Studio album by Brantley Gilbert
- Released: October 4, 2019
- Genre: Country rock
- Length: 51:25
- Label: Valory
- Producer: Brock Berryhill (track 17) Brandon Day (tracks 1,11) Mike Elizondo (tracks 2,3,5,6,12) Dann Huff (tracks 2,4,7–10,13–16);

Brantley Gilbert chronology
| The Devil Don't Sleep (2017) | Fire & Brimstone (2019) | So Help Me God (2022) |

Singles from Fire & Brimstone
- "What Happens in a Small Town" Released: January 14, 2019; "Fire't Up" Released: December 2, 2019; "Hard Days" Released: June 15, 2020;

= Fire & Brimstone (album) =

Fire & Brimstone is the fifth studio album by American country rock artist Brantley Gilbert. It was released on October 4, 2019, via Big Machine Records' Valory imprint. The album includes the singles "What Happens in a Small Town", a duet with Canadian country singer Lindsay Ell and "Fire't Up". Fire & Brimstone debuted at number nine on the US Billboard 200 with 36,000 album-equivalent units, of which 28,000 were pure album sales. A deluxe edition of the album featuring the single "Hard Days" was released on October 2, 2020.

==Content==
The album is Gilbert's fifth overall, and his third for the Valory imprint of Big Machine Records, to which he has been signed since 2011. It includes a total of fifteen tracks, some of which Gilbert released online prior to the album's release.

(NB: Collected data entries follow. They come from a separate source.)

(* Let $S$ be a numerical semigroup with multiplicity $m(S) = 3$, and let its Apéry set with respect to $3$ be $\{0,a_1,a_2\}$, where for $i=1,2$, $a_i$ is the smallest element of $S$ with $a_i \equiv i \pmod{3}$. (a) If $|a_1-a_2|\leq 2$, then $\dim_{\mathrm{mat}} S=2$. (b) If $|a_1-a_2| > 2$, then $\dim_{\mathrm{mat}} S=3$.
   Context: $\mathbb{N} = \{0,1,2,\ldots\}$. A numerical semigroup is an additive subsemigroup of $\mathbb{N}$ containing $0$ with finite complement in $\mathbb{N}$; its multiplicity $m(S)$ is its smallest nonzero element. $\mathsf{M}_d(X)$ denotes the $d\times d$ matrices with entries in $X$. For $A \in \mathsf{M}_d(\mathbb{Q})$, $\mathcal{S}(A) = \{ n \in \mathbb{N} : A^n \in \mathsf{M}_d(\mathbb{Z})\}$. The matricial dimension $\dim_{\mathrm{mat}} S$ is the smallest $d$ such that $S = \mathcal{S}(A)$ for some $A \in \mathsf{M}_d(\mathbb{Q})$. *)

From mathcomp Require Import all_boot all_order all_algebra.
Set Implicit Arguments. Unset Strict Implicit. Unset Printing Implicit Defensive.
Import Order.TTheory GRing.Theory Num.Theory.

Definition numerical_semigroup (S : nat -> Prop) : Prop :=
  [/\ S 0%N,
      (forall x y, S x -> S y -> S (x + y)%N) &
      exists N : nat, forall n, (N <= n)%N -> S n].

Definition multiplicity (S : nat -> Prop) (m : nat) : Prop :=
  [/\ (0 < m)%N, S m & forall k, (0 < k)%N -> (k < m)%N -> ~ S k].

Definition apery_elt (S : nat -> Prop) (m i a : nat) : Prop :=
  [/\ S a, a = i %[mod m] & forall b, S b -> b = i %[mod m] -> (a <= b)%N].

Definition int_mx (d : nat) (A : 'M[rat]_d) : Prop :=
  forall i j, A i j \is a Num.int.

Definition SA (d : nat) (A : 'M[rat]_d) (n : nat) : Prop := int_mx (A ^+ n).

Definition realizable_in_dim (S : nat -> Prop) (d : nat) : Prop :=
  exists A : 'M[rat]_d, forall n, S n <-> SA A n.

Definition dim_mat_eq (S : nat -> Prop) (d : nat) : Prop :=
  realizable_in_dim S d /\ forall d', (d' < d)%N -> ~ realizable_in_dim S d'.

From mathcomp Require Import all_boot all_order all_algebra.
From mathcomp Require Import zify ring.
Set Implicit Arguments. Unset Strict Implicit. Unset Printing Implicit Defensive.
Import Order.TTheory GRing.Theory Num.Theory.

(* A numerical semigroup S of multiplicity 3 is determined by its Apery
   elements: n is in S iff n >= a_(n mod 3).

   A weighted cyclic permutation matrix of size 3 whose weights
   are the powers 2^(a2+1), 2^(a1+1-a2), 2^(1-a1) satisfies A^3 = 8, and
   A^n = 8^(n/3) A^(n mod 3) is integral exactly when n lies in S.  When
   |a1 - a2| <= 2, S = {n | 3 divides n or n >= min(a1, a2)}, which is
   realized by a 2x2 matrix of trace -2 and determinant 4.

   In dimension <= 1 an integral cube forces an integral
   matrix (rational roots of monic integer polynomials are integers), so
   1 would lie in S.  For a 2x2 rational matrix A with A^3 integral, the
   trace t and determinant d are integers, and Cayley-Hamilton gives
   A^(n+3) = -t^3 A^n modulo integral matrices; hence for 3 not dividing n,
   A^n is integral iff t^(n-1) A is.  So S(A) is closed under going up
   within the classes 1 and 2 mod 3, which forces a2 <= a1 + 1 and
   a1 <= a2 + 2. *)

Definition mult3_semigroup (a1 a2 n : nat) : Prop :=
  (n %% 3 = 1 -> a1 <= n) /\ (n %% 3 = 2 -> a2 <= n).

Lemma apery_elt_le_addn (S : nat -> Prop) (m i j k ai aj ak : nat) :
  (forall x y, S x -> S y -> S (x + y)) ->
  apery_elt S m i ai -> apery_elt S m j aj -> apery_elt S m k ak ->
  k = i + j %[mod m] -> ak <= ai + aj.
Proof.
move=> Sadd [Sai ai_mod _] [Saj aj_mod _] [_ _ ak_min] k_mod.
by apply: ak_min; [exact: Sadd | rewrite -modnDm ai_mod aj_mod modnDm].
Qed.

Lemma numerical_semigroup_mult3 (S : nat -> Prop) (a1 a2 : nat) :
  numerical_semigroup S -> multiplicity S 3 ->
  apery_elt S 3 1 a1 -> apery_elt S 3 2 a2 ->
  forall n, S n <-> mult3_semigroup a1 a2 n.
Proof.
move=> [S0 Sadd _] [_ S3 _] [Sa1 a1_mod a1_min] [Sa2 a2_mod a2_min] n.
split=> [Sn | [n1 n2]]; first by split=> n_mod; [apply: a1_min | apply: a2_min].
have S_add3 a q : S a -> S (a + 3 * q).
  by move=> Sa; elim: q => [|q IHq]; rewrite ?muln0 ?addn0 // mulnS addnCA; apply: Sadd.
have := ltn_mod n 3; case n_mod: (n %% 3) => [|[|[|//]]] _.
- have -> : n = 0 + 3 * (n %/ 3) by lia.
  exact: S_add3.
- have -> : n = a1 + 3 * ((n - a1) %/ 3) by move: a1_mod (n1 n_mod); lia.
  exact: S_add3.
- have -> : n = a2 + 3 * ((n - a2) %/ 3) by move: a2_mod (n2 n_mod); lia.
  exact: S_add3.
Qed.

Lemma eq_realizable_in_dim (S S' : nat -> Prop) (d : nat) :
  (forall n, S n <-> S' n) -> realizable_in_dim S' d -> realizable_in_dim S d.
Proof. by move=> SS' [A HA]; exists A => n; rewrite SS'. Qed.

Local Open Scope ring_scope.

Lemma rat_root_monic_int (p : {poly int}) (x : rat) :
  p \is monic -> root (map_poly intr p) x -> x \is a Num.int.
Proof.
move=> p_monic /rootP; rewrite Qint_def horner_coef (size_map_inj_poly (@intr_inj rat)) //.
have /polySpred -> := monic_neq0 p_monic; set k := (size p).-1.
have lead1 : p`_k = 1 by have /monicP := p_monic; rewrite lead_coefE.
rewrite big_ord_recr /= !coef_map /= lead1 mul1r.
have := coprime_num_den x; have := denq_gt0 x; have := numqE x.
move: (numq x) (denq x) => n m xE m_gt0 nm_coprime px0.
pose r := \sum_(i < k) p`_i * n ^+ i * m ^+ (k - i.+1).
have nk : n ^+ k = - (m * r).
  apply/eqP; rewrite -addr_eq0; apply/eqP/(@intr_inj rat).
  rewrite rmorph0 -(mulr0 ((m%:~R : rat) ^+ k)) -px0 rmorphD rmorphM rmorphXn rmorph_sum /=.
  rewrite xE mulrDr addrC mulr_sumr big_distrr /= exprMn mulrC; congr (_ + _).
  apply: eq_bigr => i _; rewrite coef_map /= !rmorphM !rmorphXn /= xE.
  rewrite -[in m%:~R ^+ k](subnKC (ltn_ord i)) exprD exprS exprMn.
  set P := (p`_i)%:~R; set M := (m%:~R : rat); ring.
have : (m %| n ^+ k)%Z by apply/dvdzP; exists (- r); rewrite nk mulNr mulrC.
rewrite -[n ^+ k]mulr1 Gauss_dvdzr ?dvdz1; last first.
  by rewrite coprimez_sym coprimezXl // coprimezE.
by move: m_gt0; lia.
Qed.

Lemma rat_cubic_int (x a b : rat) : a \is a Num.int -> b \is a Num.int ->
  x ^+ 3 = a * x + b -> x \is a Num.int.
Proof.
move=> /numqK a_eq /numqK b_eq x_eq.
apply: (@rat_root_monic_int ('X^3 - ((numq a)%:P * 'X + (numq b)%:P))).
  rewrite monicE lead_coefDl ?lead_coefXn // size_polyXn size_opp.
  rewrite (leq_ltn_trans (size_polyD _ _)) // gtn_max mul_polyC size_polyC.
  by rewrite (leq_ltn_trans (size_scale_leq _ _)) ?size_polyX //; case: (_ != 0).
rewrite rootE !(rmorphB, rmorphD, rmorphM) /=.
rewrite !map_polyC map_polyX !hornerE.
by apply/eqP; rewrite /= a_eq b_eq -x_eq; ring.
Qed.

Section IntegralMatrices.
Variable n : nat.
Implicit Types (A B : 'M[rat]_n) (k : rat).

Lemma int_mxD A B : int_mx A -> int_mx B -> int_mx (A + B).
Proof. by move=> hA hB i j; rewrite mxE rpredD. Qed.

Lemma int_mx0 : int_mx (0 : 'M_n).
Proof. by move=> i j; rewrite mxE rpred0. Qed.

Lemma int_mxZ k A : k \is a Num.int -> int_mx A -> int_mx (k *: A).
Proof. by move=> hk hA i j; rewrite mxE rpredM. Qed.

Lemma int_mxN A : int_mx A -> int_mx (- A).
Proof. by move=> hA; rewrite -scaleN1r; apply: int_mxZ; rewrite ?rpredN1. Qed.

Lemma int_mxB A B : int_mx A -> int_mx B -> int_mx (A - B).
Proof. by move=> hA hB; apply: int_mxD (int_mxN _). Qed.

Lemma int_mx_scalar k : k \is a Num.int -> int_mx (k%:M : 'M_n).
Proof. by move=> hk i j; rewrite mxE rpredMn. Qed.

Lemma int_mxZsign (m : nat) A : int_mx ((-1) ^+ m *: A) <-> int_mx A.
Proof. by split=> hA i j; have := hA i j; rewrite mxE rpredMsign. Qed.

Lemma int_mx_eqmod A B : int_mx (A - B) -> int_mx A <-> int_mx B.
Proof.
move=> hAB; split=> [hA | hB]; last by rewrite -[A](subrK B); apply: int_mxD.
by rewrite -[B](subKr A); apply: int_mxB.
Qed.

Lemma int_mx_tr A : int_mx A -> \tr A \is a Num.int.
Proof. by move=> hA; rewrite rpred_sum. Qed.

Lemma int_mx_det A : int_mx A -> \det A \is a Num.int.
Proof.
move=> hA; rewrite rpred_sum // => s _.
by rewrite rpredM ?rpredX ?rpredN ?rpred1 // rpred_prod.
Qed.

End IntegralMatrices.

Lemma SA_cube_scalar n (A : 'M[rat]_n.+1) c m :
  A ^+ 3 = c%:M -> SA A m <-> int_mx (c ^+ (m %/ 3) *: A ^+ (m %% 3)).
Proof.
move=> A3; rewrite /SA {1}(divn_eq m 3) exprD mulnC exprM A3 -rmorphXn /=.
by rewrite -mulmxE mul_scalar_mx.
Qed.

Section TwoByTwo.
Variable R : comNzRingType.
Implicit Type A : 'M[R]_2.

Lemma mx2_sqr A : A ^+ 2 = \tr A *: A - (\det A)%:M.
Proof.
have := Cayley_Hamilton A.
rewrite -[char_poly A]coefK poly_def size_char_poly rmorph_sum !big_ord_recr big_ord0 /=.
rewrite char_poly_det (char_poly_trace A isT).
have -> : (char_poly A)`_2 = 1.
  by have /monicP := char_poly_monic A; rewrite lead_coefE size_char_poly.
rewrite !horner_mxZ !rmorphXn /= horner_mx_X add0r expr0 expr1 sqrrN expr1n mul1r scale1r.
by move/eqP; rewrite addrC addr_eq0 opprD scaleNr opprK addrC scalemx1 => /eqP.
Qed.

Lemma mx2_exprSS A n : A ^+ n.+2 = \tr A *: A ^+ n.+1 - \det A *: A ^+ n.
Proof.
rewrite [LHS]exprSr [in LHS]exprSr -mulrA -expr2 mx2_sqr mulrBr -scalerAr -exprSr.
by rewrite -mulmxE mul_mx_scalar.
Qed.

Lemma mx2_cube A : A ^+ 3 = (\tr A ^+ 2 - \det A) *: A - (\tr A * \det A)%:M.
Proof.
rewrite mx2_exprSS mx2_sqr expr1.
by rewrite scalerBr scalerA -expr2 scale_scalar_mx scalerBl addrAC.
Qed.

End TwoByTwo.

Section IntegralCube2.
Variable A : 'M[rat]_2.
Hypothesis A3_int : int_mx (A ^+ 3).
Local Notation t := (\tr A).
Local Notation d := (\det A).
Local Notation u := (t ^+ 2 - d).

Lemma mx2_tr_det_int : t \is a Num.int /\ d \is a Num.int.
Proof.
have d_int : d \is a Num.int.
  apply: (@rat_cubic_int _ 0 (\det (A ^+ 3))); rewrite ?rpred0 ?int_mx_det //.
  by rewrite mul0r add0r !exprS expr0 !mulr1 -!mulmxE !det_mulmx.
split=> //; apply: (@rat_cubic_int _ (3 * d) (\tr (A ^+ 3))).
- by rewrite rpredM // rpred_nat.
- exact: int_mx_tr.
by rewrite mx2_cube linearB /= mxtraceZ mxtrace_scalar; ring.
Qed.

The song "Not Like Us" was used in advertising for NASCAR in mid-2019. Vocal collaborators on the album include Willie Nelson and his son Lukas (of Lukas Nelson & Promise of the Real), Colt Ford, Jamey Johnson, and Alison Krauss. Canadian country singer Lindsay Ell is featured on the lead single, "What Happens in a Small Town".

==Critical reception==
Stephen Thomas Erlewine of AllMusic rated it 3.5 out of 5 stars, stating that "Maybe it doesn't have enough intensity to live up to its titular promise, but Fire & Brimstone nevertheless is a cohesive record that shows Gilbert in firm grasp of his craft." Dan MacIntosh of Country Standard Time gave a largely positive review, noting a "spiritual" theme on some songs including the title track, while also praising "Man That Hung the Moon". His review called the album "quality if not exactly country", leaning more toward rock.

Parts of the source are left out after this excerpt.